# Introduction
This notebook contains a working example of the Similarity Based Saliency Maps (SBSM) API for choosing to use 
an occlusion-based saliency map algorithm.

This example will follow an application-like use case where we define a functionally rigid process that transforms input images into saliency heatmaps based on their similarity with a probe image in embedding space.
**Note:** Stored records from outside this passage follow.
Lemma r_nondecreasing n rc rho : (1 <= n)%N -> 0 < rc -> rc <= rho ->
  r n rc <= r n rho.
Proof.
(* Otherwise the level set at rc would be contained in the one at rho, whereas
   its probability 2^(-rc n) is larger when rc < rho. *)
move=> n1 rc0 le_rc; rewrite leNgt; apply/negP => lt_r.
pose x : vertex n := [ffun=> true].
have sub : g n x @^-1` weight_level n rc `<=` g n x @^-1` weight_level n rho.
  by move=> om /=; apply: le_trans (ltW lt_r).
have := le_measure P (mem_set (measurable_site n n rc x))
  (mem_set (measurable_site n n rho x)) sub.
rewrite /= !prob_site ?(lt_le_trans rc0) // lee_fin /powR gt_eqF // ler_expR.
rewrite ler_pM2r ?ln_gt0 ?ltr1n // lerN2 ler_pM2r ?ltr0n // => le_rho.
have rho_rc : rho = rc by apply/le_anti/andP.
by rewrite rho_rc ltxx in lt_r.
Qed.

Lemma Vn_subset n rc rho om : (1 <= n)%N -> 0 < rc -> rc <= rho ->
  {subset Vn beta g r n rho om <= Vn beta g r n rc om}.
Proof.
move=> n1 rc0 le_rc x; rewrite !inE; exact/le_trans/r_nondecreasing.
Qed.

Definition subset_Vn_event n rho (s : seq (vertex n)) : set T :=
  [set om | {subset s <= Vn beta g r n rho om}].

Lemma subset_Vn_eventE n rho (s : seq (vertex n)) :
  subset_Vn_event n rho s = \bigcap_(i in [set` map (Tagged vertex) s])
    (g (tag i) (tagged i) @^-1` weight_level n rho).
Proof.
apply/seteqP; split=> om /= s_in.
  by move=> _ /mapP[y ys ->]; have := s_in y ys; rewrite inE.
by move=> y ys; rewrite inE; exact: (s_in (Tagged vertex y) (map_f _ ys)).
Qed.

Lemma measurable_subset_Vn_event n rho s :
  measurable (subset_Vn_event n rho s).
Proof.
rewrite subset_Vn_eventE; apply: fin_bigcap_measurable => [|i _].
  exact: finite_seq.
exact: measurable_site.
Qed.

Lemma prob_subset_Vn_event n rho s : (1 <= n)%N -> 0 < rho -> uniq s ->
  P (subset_Vn_event n rho s) = (2 `^ (- (rho * n%:R)) ^+ size s)%:E.
Proof.
move=> n1 rho0 us; rewrite subset_Vn_eventE.
rewrite (independent_bigcap_preimage (2 `^ (- (rho * n%:R))) g_indep
  (measurable_weight_level n rho)).
- by rewrite size_map.
- by rewrite map_inj_uniq // => x y /eqP; rewrite eq_Tagged => /eqP.
- by move=> _ /mapP[x _ ->]; exact: prob_site.
Qed.

Definition explored_cluster_event n k rho : set T :=
  \big[setU/set0]_(c : vertex n * (k.-1).-tuple ('I_k * 'I_n)
                   | uniq (explore vflip c.1 c.2))
    subset_Vn_event n rho (explore vflip c.1 c.2).

Lemma measurable_explored_cluster_event n k rho :
  measurable (explored_cluster_event n k rho).
Proof.
by apply: bigsetU_measurable => c _; exact: measurable_subset_Vn_event.
Qed.

Lemma prob_explored_cluster_event n k rho :
  (1 <= n)%N -> 0 < rho -> (0 < k)%N ->
  (P (explored_cluster_event n k rho) <=
    ((2 ^ n * (k * n) ^ k.-1)%:R * 2 `^ (- (rho * n%:R)) ^+ k)%:E)%E.
Proof.
move=> n1 rho0 k_gt0; set p := 2 `^ _.
apply: le_trans
  (le_measure_bigsetU P (fun c => measurable_subset_Vn_event _ _ _)) _.
have -> : ((2 ^ n * (k * n) ^ k.-1)%:R * p ^+ k)%:E =
    \sum_(c : vertex n * (k.-1).-tuple ('I_k * 'I_n)) (p ^+ k)%:E.
  rewrite sumEFin sumr_const card_prod card_tuple card_ffun card_bool.
  by rewrite card_ord card_prod !card_ord mulr_natl.
rewrite big_mkcond; apply: lee_sum => c _; case: ifP => uc.
  by rewrite /= prob_subset_Vn_event // size_explore size_tuple prednK.
by rewrite lee_fin exprn_ge0 // powR_ge0.
Qed.

End LevelSets.

Section CriticalLevel.
Variables (R : realType) (eta : nat -> R) (n : nat).
Hypotheses (n_ge2 : (2 <= n)%N) (eta_gt0 : 0 < eta n).

Let ln2_gt0 : 0 < ln 2 :> R. Proof. by apply: ln_gt0; lra. Qed.
Let n_gt1 : 1 < n%:R :> R. Proof. by rewrite ltr1n. Qed.
Let n_gt0 : 0 < n%:R :> R. Proof. exact: lt_trans ltr01 n_gt1. Qed.
Let lnn_gt0 : 0 < ln n%:R :> R. Proof. exact: ln_gt0. Qed.

Lemma rho_crit_ln2 : rho_crit eta n * n%:R * ln 2 =
  2 * ln n%:R + (ln 2 + 3 * ln n%:R / n%:R) / eta n.
Proof.
rewrite /rho_crit /c_crit; field.
by rewrite !gt_eqF.
Qed.

Lemma rho_crit_gt0 : 0 < rho_crit eta n.
Proof.
have : 0 < rho_crit eta n * n%:R * ln 2.
  rewrite rho_crit_ln2 addr_gt0 ?mulr_gt0 ?invr_gt0 ?addr_gt0 //.
  by rewrite divr_gt0 ?mulr_gt0.
by rewrite (pmulr_lgt0 _ ln2_gt0) (pmulr_lgt0 _ n_gt0).
Qed.

Lemma crit_union_bound k : n%:R * eta n <= k%:R -> (0 < k <= n)%N ->
  (2 ^ n * (k * n) ^ k.-1)%:R * 2 `^ (- (rho_crit eta n * n%:R)) ^+ k
    <= (n%:R * n.+1%:R)^-1 :> R.
Proof.
(* With a = ln 2, L = ln n and m = a + 3 L / n, rho_crit n a = 2 L + m / eta_n,
   and the bound is expR (n a + 2 (k - 1) L - k (2 L + m / eta_n)) <= n^-5. *)
move=> le_nk /andP[k_gt0 le_kn].
set a : R := ln 2; set L : R := ln n%:R; set e := eta n.
set m := a + 3 * L / n%:R.
have expL : expR L = n%:R by rewrite lnK // posrE.
have two_pow : 2 `^ (- (rho_crit eta n * n%:R)) = expR (- (2 * L + m / e)).
  by rewrite /powR gt_eqF // mulNr rho_crit_ln2.
have pow_k : (k%:R * n%:R) ^+ k.-1 <= expR (k.-1%:R * (2 * L)) :> R.
  rewrite expRM_natl; apply: lerXn2r; rewrite ?nnegrE ?mulr_ge0 ?expR_ge0 //.
  by rewrite -[2]/(2%:R) expRM_natl expL expr2 ler_wpM2r ?ler_nat // ltW.
have pow_n : (2 : R) ^+ n = expR (n%:R * a) by rewrite expRM_natl lnK // posrE.
have km_ge : n%:R * m <= k%:R * m / e.
  rewrite ler_pdivlMr // mulrAC ler_wpM2r // ltW // addr_gt0 //.
  by rewrite divr_gt0 // mulr_gt0.
have nm : n%:R * m = n%:R * a + 3 * L by rewrite /m; field; rewrite gt_eqF.
have k1 : k.-1%:R = k%:R - 1 :> R.
  by rewrite -[in RHS](prednK k_gt0) -natr1 addrK.
apply: (@le_trans _ _ (expR (- (5 * L)))).
  rewrite two_pow -expRM_natl natrM !natrX natrM pow_n.
  apply: le_trans (ler_wpM2r (expR_ge0 _) (ler_wpM2l (expR_ge0 _) pow_k)) _.
  rewrite -!expRD ler_expR k1 mulrBl mul1r mulrN mulrDr.
  move: km_ge; rewrite nm -mulrA; lra.
rewrite expRN -[5]/(5%:R) expRM_natl expL.
rewrite lef_pV2 ?posrE ?mulr_gt0 ?exprn_gt0 //.
rewrite -natrX -natrM ler_nat expnS leq_mul2l; apply/orP; right.
apply: (@leq_trans (n ^ 2)); first by rewrite expnS expn1; nia.
by rewrite leq_pexp2l // (leq_trans _ n_ge2).
Qed.

End CriticalLevel.

Lemma nneseries_lty_of_le_inv_mulnS (R : realType) (u : nat -> \bar R) :
  (forall n, (0 <= u n <= 1)%E) ->
  (\forall n \near \oo, u n <= ((n%:R * n.+1%:R)^-1)%:E)%E ->
  (\sum_(0 <= n <oo) u n < +oo)%E.
Proof.
(* Beyond N1 the partial sums telescope: 1 / (p (p + 1)) = 1 / p - 1 / (p+1). *)
move=> u01 [N _ uN]; set N1 := maxn N 1.
have u_le1 n : (u n <= 1)%E by case/andP: (u01 n).
have head m : (\sum_(0 <= i < m) u i <= m%:R%:E)%E.
  elim: m => [|m IH]; first by rewrite big_geq.
  by rewrite big_nat_recr //= -natr1 EFinD leeD.
have tail j : (\sum_(0 <= i < N1 + j) u i <= (N1%:R + 1 - (N1 + j)%:R^-1)%:E)%E.
  elim: j => [|j IH].
    rewrite addn0; apply: le_trans (head N1) _; rewrite lee_fin.
    have : (N1%:R^-1 : R) <= 1 by rewrite invf_le1 ?ler1n ?ltr0n ?leq_maxr.
    lra.
  rewrite addnS big_nat_recr //=.
  apply: le_trans (leeD IH (uN _ (leq_trans (leq_maxl _ _) (leq_addr _ _)))) _.
  have p_gt0 : 0 < (N1 + j)%:R :> R.
    by rewrite ltr0n (leq_trans _ (leq_addr _ _)) // leq_maxr.
  rewrite -EFinD lee_fin -natr1; set p := (N1 + j)%:R.
  have -> : N1%:R + 1 - p^-1 + (p * (p + 1))^-1 = N1%:R + 1 - (p + 1)^-1.
    by field; rewrite -natrD; apply/andP; split; apply: lt0r_neq0; lra.
  done.
apply: (@le_lt_trans _ _ (N1%:R + 1)%:E); last exact: ltey.
apply: lime_le; first by apply: is_cvg_nneseries => n _; case/andP: (u01 n).
apply: nearW => m; case: (leqP m N1) => [le_mN|lt_Nm].
  apply: le_trans (head m) _; rewrite lee_fin natr1 ler_nat.
  exact: leq_trans le_mN (leqnSn _).
rewrite -(subnKC (ltnW lt_Nm)); apply: le_trans (tail _) _; rewrite lee_fin.
by rewrite lerBlDr lerDl invr_ge0.
Qed.
Arguments nneseries_lty_of_le_inv_mulnS {R u}.

Section CriticalClusters.
Context {R : realType} {d : measure_display} {T : measurableType d}
  (P : probability T R) (g : forall n, vertex n -> T -> R) (beta : R)
  (r : nat -> R -> R) (eta : nat -> R).
Hypothesis mg : forall n (x : vertex n), measurable_fun setT (g n x).
Hypothesis g_indep :
  mutually_independent P (fun i : gindex => g (tag i) (tagged i)).
Hypothesis r_level : forall n rho (x : vertex n), (1 <= n)%N -> 0 < rho ->
  ((2 `^ (rho * n%:R))%:E * P [set om | (r n rho <= wn beta g x om)%R] = 1)%E.
Hypothesis eta_gt0 : forall n, (1 <= n)%N -> 0 < eta n.
Hypothesis eta_cvg0 : eta @ \oo --> 0.

Definition crit_size n := (Num.truncn (n%:R * eta n)).+1.

Definition crit_cluster_event n : set T :=
  explored_cluster_event g beta r n (crit_size n) (rho_crit eta n).

Lemma measurable_crit_cluster_event n : measurable (crit_cluster_event n).
Proof. exact: measurable_explored_cluster_event. Qed.

Lemma prob_crit_cluster_event_le :
  \forall n \near \oo, (P (crit_cluster_event n) <= ((n%:R * n.+1%:R)^-1)%:E)%E.
Proof.
have eta_lt1 : \forall n \near \oo, eta n < 1 by apply: (cvgr_lt 0 eta_cvg0).
near=> n; have n2 : (2 <= n)%N by near: n; exists 2%N.
have e_gt0 := eta_gt0 n (ltnW n2).
have n_gt0 : 0 < n%:R :> R by rewrite ltr0n (ltnW n2).
apply: le_trans
  (prob_explored_cluster_event P g beta r mg g_indep r_level _ _ _ _ _ _) _.
- exact: ltnW.
- exact: rho_crit_gt0.
- by [].
rewrite lee_fin crit_union_bound // ?ltW ?truncnS_gt //=.
by rewrite truncn_lt_nat ?mulr_ge0 ?ltW // (gtr_pMr _ n_gt0); near: n.
Unshelve. all: by end_near.
Qed.

Lemma nneseries_prob_crit_lty :
  (\sum_(0 <= n <oo) P (crit_cluster_event n) < +oo)%E.
Proof.
apply: nneseries_lty_of_le_inv_mulnS prob_crit_cluster_event_le => n.
apply/andP; split; first exact: measure_ge0.
exact/probability_le1/measurable_crit_cluster_event.
Qed.

Lemma big_component_crit_cluster n rho om (C : {set vertex n}) :
  (2 <= n)%N -> rho_crit eta n <= rho ->
  is_component (Vn beta g r n rho om) C ->
  n%:R * eta n < #|C|%:R -> crit_cluster_event n om.
Proof.
move=> n2 le_rho compC big_C; have e_gt0 := eta_gt0 n (ltnW n2).
have le_kC : (crit_size n <= #|C|)%N.
  by rewrite /crit_size truncn_lt_nat // mulr_ge0 // ltW.
have [x [t [ut tV]]] := component_explore compC (ltn0Sn _) le_kC.
rewrite /crit_cluster_event /explored_cluster_event (bigD1 (x, t)) //=.
left => y /tV.
apply: (Vn_subset P g beta r mg r_level _ _ _ _ (ltnW n2) _ le_rho).
exact: rho_crit_gt0.
Qed.

End CriticalClusters.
We will show that it is easy to change which of our API implementations are used in the application without impacting the application's successful execution, using a sliding-window perturbation algorithm.

This will necessarily include the use of a deep model for feature vector generation that we will be determining the saliency for.
We will fill this role here with a PyTorch Imagenet-pretrained ResNet18 network truncated after the last global average pooling layer.

### Table of Contents
* [Set Up Environment](#Set-Up-Environment-similarity)
* [The Test Images](#The-test-images-similarity)
* [The "Application"](#The-application-similarity)
* [Feature Extraction Model](#Feature-Extraction-Model-similarity)
* [XAI Components](#XAI-Components-similarity)
* [Calling the Application](#Calling-the-Application-similarity)

### Miscellaneous
License for test image used may be found in 'COCO-LICENSE.txt'.

#### References
1. Dong, Bo, Roddy Collins, and Anthony Hoogs. "Explainability for Content-Based Image Retrieval." CVPR Workshops. 2019.

<br>

To run this notebook in Colab, use the link below:

[![Open In Colab](https://colab.research.google.com/assets/colab-badge.svg)](https://colab.research.google.com/github/XAITK/xaitk-saliency/blob/master/examples/SimilarityScoring.ipynb)

# Set Up Environment <a name="Set-Up-Environment-similarity"></a>

In [1]:
!pip install -qU pip
!pip install -q xaitk-saliency
!pip install -q "torch==1.9.0"
!pip install -q "torchvision==0.10.0"

# The Test Images <a name="The-test-images-similarity"></a>
We will test this application on the following images.
We know that these images contains the Imagenet class of "boxer" and the superclass "dog".

In [2]:
import PIL.Image
import matplotlib.pyplot as plt
import urllib.request


# Test images to be explained
test_image1_path = 'data/catdog.jpg'
urllib.request.urlretrieve('https://farm1.staticflickr.com/74/202734059_fcce636dcd_z.jpg', test_image1_path)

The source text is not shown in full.